%%

Lemma sorted_ltn_map_ord k (h : 'I_k -> nat) :
  {homo h : i j / i < j} -> sorted ltn [seq h i | i <- enum 'I_k].
Proof.
move=> h_mono; rewrite sorted_map.
have : sorted (relpre val ltn) (enum 'I_k) by rewrite -sorted_map val_enum_ord iota_ltn_sorted.
by apply: sub_sorted => i j; apply: h_mono.
Qed.

Section SortedFamilies.
Variables n k : nat.
Implicit Types f g : 'I_k -> {set elt n}.

Lemma signed_family_reindex f0 f (tau : 'I_k * bool -> 'I_k * bool) :
  signed_family f0 -> injective tau -> (forall p, sblock f p = sblock f0 (tau p)) ->
  signed_family f /\ sblocks f = sblocks f0.
Proof.
move=> [f0ne f0disj f00] tau_inj ftau; split.
  split=> [p|p q pq|p]; rewrite ?ftau //; apply: f0disj.
  by apply: contra_neq pq => /tau_inj.
apply/setP => X; apply/imsetP/imsetP => [[p _ ->]|[q _ ->]].
  by exists (tau p); rewrite ?ftau.
have /codomP [p ->] := inj_card_onto tau_inj (leqnn _) q.
by exists p; rewrite ?ftau.
Qed.
(* Let $f:[0,1]\to[0,1]$ be a surjective continuous function that does not admit a splitting sequence. If $f$ admits two distinct 2-cycles $\{s,t\}$ and $\{u,v\}$ with $s<t$ and $u<v$, then either $s<u<v<t$ or $u<s<t<v$.
   Context: A 2-cycle is a set $\{s,t\}$ with $s\ne t$, $f(s)=t$, $f(t)=s$. A sequence $(T_n)_{n\in\mathbb N}$ of closed intervals $T_n\subsetneq[0,1]$ (possibly degenerate) is tight if $f(T_{n+1})=T_n$ for every $n$ and $T_n$ is nondegenerate for all sufficiently large $n$. A tight sequence $(T_n)$, $T_n=[l_n,r_n]$, is a splitting sequence admitted by $f$ if there are an infinite set $N\subseteq\mathbb N$ and nondegenerate closed intervals $S_n\subseteq[0,1]$ ($n\in N$) with $S_n\cap T_n\subseteq\{l_n,r_n\}$ and $f(S_n)=f(T_n)$ for all $n\in N$. *)

From Stdlib Require Import Reals.
Open Scope R_scope.

Definition inI (a b x : R) : Prop := a <= x <= b.

Definition self_map01 (f : R -> R) : Prop :=
  forall x, inI 0 1 x -> inI 0 1 (f x).
Definition continuous01 (f : R -> R) : Prop :=
  forall x, inI 0 1 x -> continuity_pt (fun y => f (Rmin 1 (Rmax 0 y))) x.
Definition surjective01 (f : R -> R) : Prop :=
  forall y, inI 0 1 y -> exists x, inI 0 1 x /\ f x = y.

Definition image_eq (f : R -> R) (a b c d : R) : Prop :=
  forall y, (exists x, inI a b x /\ f x = y) <-> inI c d y.

Definition proper_subinterval (l r : R) : Prop :=
  0 <= l /\ l <= r /\ r <= 1 /\ ~ (l = 0 /\ r = 1).

Definition tight (f : R -> R) (l r : nat -> R) : Prop :=
  (forall n, proper_subinterval (l n) (r n)) /\
  (forall n, image_eq f (l (S n)) (r (S n)) (l n) (r n)) /\
  (exists N, forall n, (N <= n)%nat -> l n < r n).

Definition splitting_sequence (f : R -> R) (l r : nat -> R) : Prop :=
  tight f l r /\
  exists (Nset : nat -> Prop) (a b : nat -> R),
    (forall m, exists n, (m <= n)%nat /\ Nset n) /\
    (forall n, Nset n ->
       0 <= a n /\ a n < b n /\ b n <= 1 /\
       (forall x, inI (a n) (b n) x -> inI (l n) (r n) x -> x = l n \/ x = r n) /\
       (forall y, (exists x, inI (a n) (b n) x /\ f x = y) <->
                  (exists x, inI (l n) (r n) x /\ f x = y))).

Definition admits_splitting_sequence (f : R -> R) : Prop :=
  exists l r : nat -> R, splitting_sequence f l r.

Definition two_cycle (f : R -> R) (s t : R) : Prop :=
  inI 0 1 s /\ inI 0 1 t /\ s <> t /\ f s = t /\ f t = s.

(* If two distinct 2-cycles s < t and u < v are not nested, they are either
   separated (t < u) or interleaved (s < u < t < v).  In both cases there are
   nondegenerate intervals P, Q with f(P) covering Q and f(Q) covering P, and an
   interval M meeting P and Q only in endpoints with f(M) covering both:
   P = Q = [s,t], M = [t,u] in the separated case and P = [s,u], Q = [t,v],
   M = [u,t] in the interleaved one.  A continuous map that takes the values
   c < d on an interval maps some subinterval exactly onto [c,d] (between a
   last c-point and the next d-point), so pulling back alternately through P
   and Q gives a tight sequence, and exact pullbacks into M split it. *)
From Stdlib Require Import Reals Lra Ranalysis5 Classical ClassicalEpsilon ChoiceFacts.
Open Scope R_scope.

Lemma clamp01_id x : inI 0 1 x -> Rmin 1 (Rmax 0 x) = x.
Proof. unfold inI; intros Hx; rewrite Rmax_right, Rmin_right; lra. Qed.

Lemma ivt_sign (h : R -> R) p q :
  (forall a, p <= a <= q -> continuity_pt h a) -> p <= q -> h p * h q <= 0 ->
  exists z, p <= z <= q /\ h z = 0.
Proof.
  intros Hh Hpq Hsign.
  destruct (Req_dec (h p) 0) as [Hp | Hp]; [exists p; split; [lra | easy] |].
  destruct (Req_dec (h q) 0) as [Hq | Hq]; [exists q; split; [lra | easy] |].
  assert (Hlt : p < q) by (destruct (Req_dec p q); [subst; nra | lra]).
  destruct (Rlt_or_le (h p) 0) as [Hneg | Hpos].
  - destruct (IVT_interv h p q Hh Hlt Hneg) as [z Hz]; [nra | now exists z].
  - destruct (IVT_interv (fun x => - h x) p q) as [z [Hz Hhz]]; try easy; try nra.
    + intros a Ha; apply continuity_pt_opp, Hh, Ha.
    + exists z; split; [easy | lra].
Qed.

Lemma continuous01_ivt f p q y :
  continuous01 f -> 0 <= p -> p <= q -> q <= 1 ->
  (f p - y) * (f q - y) <= 0 -> exists z, p <= z <= q /\ f z = y.
Proof.
  intros Hf H0 Hpq H1 Hy.
  destruct (ivt_sign (fun x => f (Rmin 1 (Rmax 0 x)) - y) p q) as [z [Hz Hgz]]; try easy.
  - intros a Ha; apply continuity_pt_minus, continuity_pt_const; [| easy].
    apply Hf; unfold inI; lra.
  - rewrite !clamp01_id by (unfold inI; lra); exact Hy.
  - exists z; split; [easy |]; rewrite clamp01_id in Hgz by (unfold inI; lra); lra.
Qed.

Lemma continuous01_ivt_between f p q y :
  continuous01 f -> inI 0 1 p -> inI 0 1 q -> (f p < y < f q \/ f q < y < f p) ->
  exists z, (p < z < q \/ q < z < p) /\ f z = y.
Proof.
  unfold inI; intros Hf Hp Hq Hy.
  assert (Hz : exists z, (p <= z <= q \/ q <= z <= p) /\ f z = y).
  { destruct (Rle_or_lt p q).
    - destruct (continuous01_ivt f p q y Hf ltac:(lra) ltac:(lra) ltac:(lra) ltac:(nra))
        as [z Hz]; exists z; tauto.
    - destruct (continuous01_ivt f q p y Hf ltac:(lra) ltac:(lra) ltac:(lra) ltac:(nra))
        as [z Hz]; exists z; tauto. }
  destruct Hz as [z [Hz Hfz]].
  assert (z <> p) by (intros ->; lra).
  assert (z <> q) by (intros ->; lra).
  exists z; split; [lra | easy].
Qed.

Lemma continuous01_level_avoid f c m :
  continuous01 f -> inI 0 1 m -> f m <> c ->
  exists d, 0 < d /\ forall x, inI 0 1 x -> Rabs (x - m) < d -> f x <> c.
Proof.
  intros Hf Hm Hfm.
  destruct (Hf m Hm (Rabs (f m - c))) as [d [Hd Hnear]].
  { apply Rabs_pos_lt; lra. }
  exists d; split; [easy |]; intros x Hx Hxm Hfx.
  destruct (Req_dec x m) as [-> | Hneq]; [easy |].
  specialize (Hnear x (conj (conj I (not_eq_sym Hneq)) Hxm)).
  simpl in Hnear; unfold Rdist in Hnear.
  rewrite !clamp01_id, Hfx, Rabs_minus_sym in Hnear by easy; lra.
Qed.

Definition closed_within (p q : R) (E : R -> Prop) : Prop :=
  forall m, p <= m <= q -> ~ E m -> exists d, 0 < d /\ forall x, E x -> d <= Rabs (x - m).

Lemma closed_bounded_max (E : R -> Prop) p q :
  (forall x, E x -> p <= x <= q) -> (exists x, E x) ->
  closed_within p q E ->
  exists m, E m /\ forall x, E x -> x <= m.
Proof.
  intros Hbnd Hne Hclosed.
  destruct (completeness E) as [m [Hub Hleast]].
  { exists q; intros x Hx; apply Hbnd, Hx. }
  { exact Hne. }
  exists m; split; [| exact Hub].
  destruct Hne as [x0 Hx0].
  assert (Hm : p <= m <= q).
  { split.
    - apply Rle_trans with x0; [apply Hbnd, Hx0 | apply Hub, Hx0].
    - apply Hleast; intros x Hx; apply Hbnd, Hx. }
  apply NNPP; intros HEm.
  destruct (Hclosed m Hm HEm) as [d [Hd Hfar]].
  assert (m <= m - d); [| lra].
  apply Hleast; intros x Hx.
  specialize (Hub x Hx); specialize (Hfar x Hx).
  rewrite Rabs_left1 in Hfar by lra; lra.
Qed.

%%

YOUR TASK :: Which lines above run from the one containing "destruct Hz as [z [Hz Hfz]]." down to the one containing "Definition closed_within (p"? Repeat exactly those, both ends included, and nothing else.

YOUR RESPONSE ::
  destruct Hz as [z [Hz Hfz]].
  assert (z <> p) by (intros ->; lra).
  assert (z <> q) by (intros ->; lra).
  exists z; split; [lra | easy].
Qed.

Lemma continuous01_level_avoid f c m :
  continuous01 f -> inI 0 1 m -> f m <> c ->
  exists d, 0 < d /\ forall x, inI 0 1 x -> Rabs (x - m) < d -> f x <> c.
Proof.
  intros Hf Hm Hfm.
  destruct (Hf m Hm (Rabs (f m - c))) as [d [Hd Hnear]].
  { apply Rabs_pos_lt; lra. }
  exists d; split; [easy |]; intros x Hx Hxm Hfx.
  destruct (Req_dec x m) as [-> | Hneq]; [easy |].
  specialize (Hnear x (conj (conj I (not_eq_sym Hneq)) Hxm)).
  simpl in Hnear; unfold Rdist in Hnear.
  rewrite !clamp01_id, Hfx, Rabs_minus_sym in Hnear by easy; lra.
Qed.

Definition closed_within (p q : R) (E : R -> Prop) : Prop :=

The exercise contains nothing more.